0

I'm quite new to regular expressions, and cannot figure out how to do what I want. I have a text file as input, and want to extract "articles" from it. The problem is that if I read the text line per line, it cannot cover the entire article since it stops when it encounters a carriage return.

What I would like to do, is to extract everything from a specific pattern until it repeats, whether or not it encounters a carriage return (Python).

Example of sequences :

Article ler — NOM
Latius iam disseminata licentia onerosus bonis omnibus Caesar nullum post haec adhibens modum orientis latera cuncta vexabat nec honoratis parcens nec urbium primatibus nec plebeiis.
Article 2 — ANNEE
Nemo quaeso miretur, si post exsudatos labores itinerum longos congestosque adfatim commeatus fiducia vestri ductante barbaricos pagos adventans velut mutato repente consilio ad placidiora deverti.
Article 3 — DATE Ego vero sic intellego, Patres conscripti, nos hoc tempore in provinciis decernendis perpetuae pacis habere oportere rationem.

And this is the regular expression I have designed : "^(.*(?=((?i)article(\s\d{1,2})*)).*)"

As output, I obtain something like that :

Article ler — NOM
Article 2 — ANNEE
Article 3 — DATE Ego vero sic intellego, Patres conscripti, nos hoc tempore in provinciis decernendis perpetuae pacis habere oportere rationem.

The two first ones don't cover the entire article (title + content) : this is my problem.
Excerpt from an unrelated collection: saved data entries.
Lemma connected_of_bd_on (S : {set {set C}}) : {in S, forall e, is_edge e} ->
  (forall x y, delta [set x] + delta [set y] \in bd_on S) -> connected S.
Proof.
move=> edgeS hbd; apply/forallP => x; apply/forallP => y; apply/idPn => nxy.
(* Summing coefficients over the component of x kills the boundary of every
   edge but not delta x + delta y. *)
pose A := [set z | connect (adj S) x z].
have : (bd_on S <= lker (linfun (vertex_sum A)))%VS.
  apply: bd_on_sub => s sS; have /cards2P [u [w [nuw esw]]] := edgeS s sS.
  rewrite {}esw in sS *.
  have uw : (u \in A) = (w \in A).
    rewrite !inE; apply/idP/idP => h; apply: connect_trans h (connect1 _).
      exact: sS.
    by rewrite /adj setUC.
  by rewrite bd_delta bd_edge // memv_ker lfunE /= linearD /= !vertex_sum_delta uw
    F2_addxx.
move/subvP/(_ _ (hbd x y)); rewrite memv_ker lfunE /= linearD /= !vertex_sum_delta.
by rewrite !inE connect0 (negbTE nxy) addr0 oner_eq0.
Qed.

Lemma connected_bd_onP (S : {set {set C}}) : {in S, forall e, is_edge e} ->
  reflect (forall x y, delta [set x] + delta [set y] \in bd_on S) (connected S).
Proof.
move=> edgeS; apply: (iffP idP); last exact: connected_of_bd_on.
by move=> /forallP connS x y; apply/connect_bd_on/(forallP (connS x)).
Qed.

Lemma connected_bd_onS (S S' : {set {set C}}) : {in S', forall e, is_edge e} ->
  (bd_on S <= bd_on S')%VS -> connected S -> connected S'.
Proof.
move=> edgeS' sub /forallP connS; apply/connected_bd_onP => // x y.
by apply/(subvP sub)/connect_bd_on/(forallP (connS x)).
Qed.

Lemma cycles_on_eq0P (S : {set {set C}}) :
  reflect (forall c, c \in chains_on S -> bd C c = 0 -> c = 0) (cycles_on S == 0%VS).
Proof.
rewrite -subv0; apply: (iffP subvP) => [h c cS bdc|h c /memv_capP [cS]].
  by apply/eqP; rewrite -memv0; apply: h; rewrite memv_cap cS memv_ker bdc eqxx.
by rewrite memv_ker memv0 => /eqP /(h c cS) ->.
Qed.

Lemma chains_onD1 (S : {set {set C}}) f (p : chain) :
  p \in chains_on S -> p f != 0 -> p + delta f \in chains_on (S :\ f).
Proof.
move=> /chains_onP pS pf; apply/chains_onP => s; rewrite ffunE deltaE !inE.
have [->|nsf] := eqVneq s f; first by rewrite (F2_neq0 pf) F2_addxx eqxx.
by rewrite addr0 => /pS ->.
Qed.

Lemma spanning_treeP (T : {set {set C}}) :
  reflect [/\ {in T, forall e, is_edge e}, connected T & cycles_on T == 0%VS]
          (is_spanning_tree T).
Proof.
apply: (iffP idP) => [|[edgeT connT /cycles_on_eq0P acycT]].
  case/andP => /andP [/forall_inP edgeT connT] /forall_inP minT; split=> //.
  apply/cycles_on_eq0P => c cT bdc; apply/ffunP => f; rewrite ffunE.
  apply/eqP; apply: contraT => cf; have fT := chains_onP _ _ cT f cf.
  case/negP: (minT f fT); apply: (connected_bd_onS _ _ connT).
    by move=> s /setD1P [_ /edgeT].
  apply: bd_on_sub => s sT; have [->|nsf] := eqVneq s f.
    have -> : bd C (delta f) = bd C (c + delta f) by rewrite linearD /= bdc add0r.
    exact/memv_img/chains_onD1.
  by apply: bd_delta_on; rewrite !inE nsf.
rewrite /is_spanning_tree connT (introT forall_inP edgeT) /=.
apply/forall_inP => g gT; apply/negP => connTg.
have /cards2P [u [w [nuw guw]]] := edgeT g gT.
have /memv_imgP [c cTg bdc] : delta [set u] + delta [set w] \in bd_on (T :\ g).
  by apply/connected_bd_onP => // s /setD1P [_ /edgeT].
have cgT : c + delta g \in chains_on T.
  by apply: memvD; [apply: (subvP (chains_onS (subsetDl T [set g]))) | apply: delta_chains_on].
have bdcg : bd C (c + delta g) = 0.
  by rewrite linearD /= -bdc guw bd_delta bd_edge // chain_addxx.
have := congr1 (fun c : chain => c g) (acycT _ cgT bdcg).
by rewrite !ffunE (chains_on0 cTg) ?setD11 // eqxx add0r => /eqP; rewrite oner_eq0.
Qed.

Lemma exchange_spanning_tree (T : {set {set C}}) e f (p : chain) :
  is_spanning_tree T -> is_edge e -> e \notin T ->
  p \in chains_on T -> bd C p = bd C (delta e) -> p f != 0 ->
  is_spanning_tree (e |: (T :\ f)).
Proof.
move=> /spanning_treeP [edgeT connT /cycles_on_eq0P acycT] edge_e eT pT bdp pf.
have nef : e != f by apply: contraNneq eT => ->; apply: (chains_onP _ _ pT).
have fT' : f \notin e |: (T :\ f) by rewrite !inE eqxx eq_sym (negbTE nef).
have T'e : (e |: (T :\ f)) :\ e = T :\ f.
  by rewrite setU1K // !inE negb_and eT orbT.
have subT : (chains_on (T :\ f) <= chains_on T)%VS by apply/chains_onS/subsetDl.
apply/spanning_treeP; split.
- by move=> s /setU1P [-> //|/setD1P [_ /edgeT]].
- apply: connected_bd_onS connT; first by move=> s /setU1P [-> //|/setD1P [_ /edgeT]].
  apply: bd_on_sub => s sT; have [->|nsf] := eqVneq s f; last first.
    by apply: bd_delta_on; rewrite !inE nsf sT orbT.
  have -> : bd C (delta f) = bd C (p + delta f + delta e).
    by rewrite !linearD /= bdp addrC addrA chain_addxx add0r.
  apply/memv_img/memvD; last exact/delta_chains_on/setU11.
  exact/(subvP (chains_onS (subsetUr _ _)))/chains_onD1.
apply/cycles_on_eq0P => z zT' bdz; have zf := chains_on0 zT' fT'.
have [ze|ze] := eqVneq (z e) 0.
  apply: acycT bdz; apply/chains_onP => s zs; have := chains_onP _ _ zT' s zs.
  by case/setU1P => [se|/setD1P []//]; rewrite se ze eqxx in zs.
have zeT : z + delta e \in chains_on T by rewrite -T'e in subT; exact/(subvP subT)/chains_onD1.
have bdq : bd C (p + (z + delta e)) = 0.
  by rewrite !linearD /= bdz bdp add0r chain_addxx.
have := congr1 (fun c : chain => c f) (acycT _ (memvD pT zeT) bdq).
rewrite eq_sym in nef; rewrite !ffunE zf (negbTE nef) (F2_neq0 pf) !addr0 => /eqP.
by rewrite oner_eq0.
Qed.

End Connectivity.

Section MinimumSpanningTree.
Variables (R : realFieldType) (C : finType) (K : {set {set C}}) (ent : {set C} -> R).

Lemma total_lenE S : total_len ent S = 2%:R * \sum_(e in S) ent e.
Proof. by rewrite /total_len /elen -mulr_sumr. Qed.

Lemma total_len_exchange (T : {set {set C}}) e f : f \in T -> e \notin T ->
  total_len ent (e |: (T :\ f)) + elen ent f = total_len ent T + elen ent e.
Proof.
move=> fT eT; rewrite /total_len (big_setD1 f fT) big_setU1 /=; last first.
  by rewrite !inE negb_and eT orbT.
by rewrite addrC -!addrA (addrC (elen ent f)) addrA.
Qed.

Lemma MST_cut (T : {set {set C}}) t e : is_MST K ent T ->
  e \in edges K -> ent e < t -> bd C (delta e) \in bd_on [set g in T | ent g < t].
Proof.
move=> [TK [treeT minT]] /[dup] eKe; rewrite inE => /andP [eK edge_e] et.
have [eT|eT] := boolP (e \in T); first by apply: bd_delta_on; rewrite inE eT et.
have /spanning_treeP [edgeT connT _] := treeT.
have /cards2P [x [y [nxy exy]]] := edge_e.
have /memv_imgP [p pT bdp] : delta [set x] + delta [set y] \in bd_on T.
  exact/connected_bd_onP.
have {}bdp : bd C p = bd C (delta e) by rewrite -bdp exy bd_delta bd_edge.
have [f /andP [pf tf]|low_p] := pickP (fun f => (p f != 0) && (t <= ent f)).
  have fT := chains_onP _ _ pT f pf.
  have T'K : e |: (T :\ f) \subset edges K.
    apply/subsetP => s /setU1P [-> //|/setD1P [_ /(subsetP TK)] //].
  have := minT _ T'K (exchange_spanning_tree treeT edge_e eT pT bdp pf).
  rewrite -(lerD2r (elen ent f)) total_len_exchange // lerD2l /elen.
  by rewrite ler_pM2l ?ltr0n // leNgt (lt_le_trans et tf).
rewrite -bdp; apply/memv_img/chains_onP => s ps; rewrite inE (chains_onP _ _ pT s ps).
by have := low_p s; rewrite /= ps /= ltNge => ->.
Qed.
Does anybody know how to resolve it?

Thanks!


if __name__ == "__main__":

    label_pattern = ("^(.*(?=((?i)article(\s\d{1,2})*)).*)")

    pattern = re.compile(label_pattern)

    for i, line in enumerate(open('texte.txt')):
        for match in re.finditer(pattern, line):
            print(i+1, match.group(1))

Sol
  • 57
  • 7

2 Answers2

2

If it is possible, read the whole file text and apply the following regex to that text:

(?<=Article)[\s\S]*?(?=Article|$)

Click for Demo

Explanation:

  • (?<=Article) - positive lookbehind to find the position immediately preceded by the text Article
  • [\s\S]*? - matches 0+ occurrences of any character(even the newlines). ? is present to make the match lazy.
  • (?=Article|$) - Positive lookahead to find the position that is immediately followed by either another Article or end-of-full-string represented by $
Gurmanjot Singh
  • 10,224
  • 2
  • 19
  • 43
  • I got my code to work with this pattern, but I had to change the `$` to a `\Z`. Could it be something with the way strings are read in from a file? – pault Dec 26 '17 at 15:36
  • 1
    For an explanation on that, you can see [this question](https://stackoverflow.com/questions/22519318/regex-differences-between-and-a-z) – Gurmanjot Singh Dec 26 '17 at 15:38
  • Just, is it possible to include the word "Article" in the match? :) – Sol Dec 26 '17 at 15:45
  • @Sol Yes, just rewrite the regex as [`Article[\s\S]*?(?=Article|$)`](https://regex101.com/r/quwApD/2) – Gurmanjot Singh Dec 26 '17 at 15:46
  • Haha, just perfect! However, the "\n" symbol appear in the matches; maybe I can remove it aftermath? – Sol Dec 26 '17 at 15:48
  • Hmmm...I don't see any `\n` in the matches. Anyways, `[\s\S]` is going to match anything. – Gurmanjot Singh Dec 26 '17 at 15:49
  • With "matches = re.findall(label_pattern, file_text)", I have \n in my results; weird... – Sol Dec 26 '17 at 15:52
  • @Sol The original text file has `\n` in it, hence you see those in the matches. If you want to remove/replace them, feel free to do so as per your requirement. May be you can replace them with a space or even empty string – Gurmanjot Singh Dec 26 '17 at 15:52
1

Your problem is the way you are reading the file. If you iterate through the lines in the file, then you won't be able to get multi-line matches. Instead, if you want to use regex, read the whole file in at once.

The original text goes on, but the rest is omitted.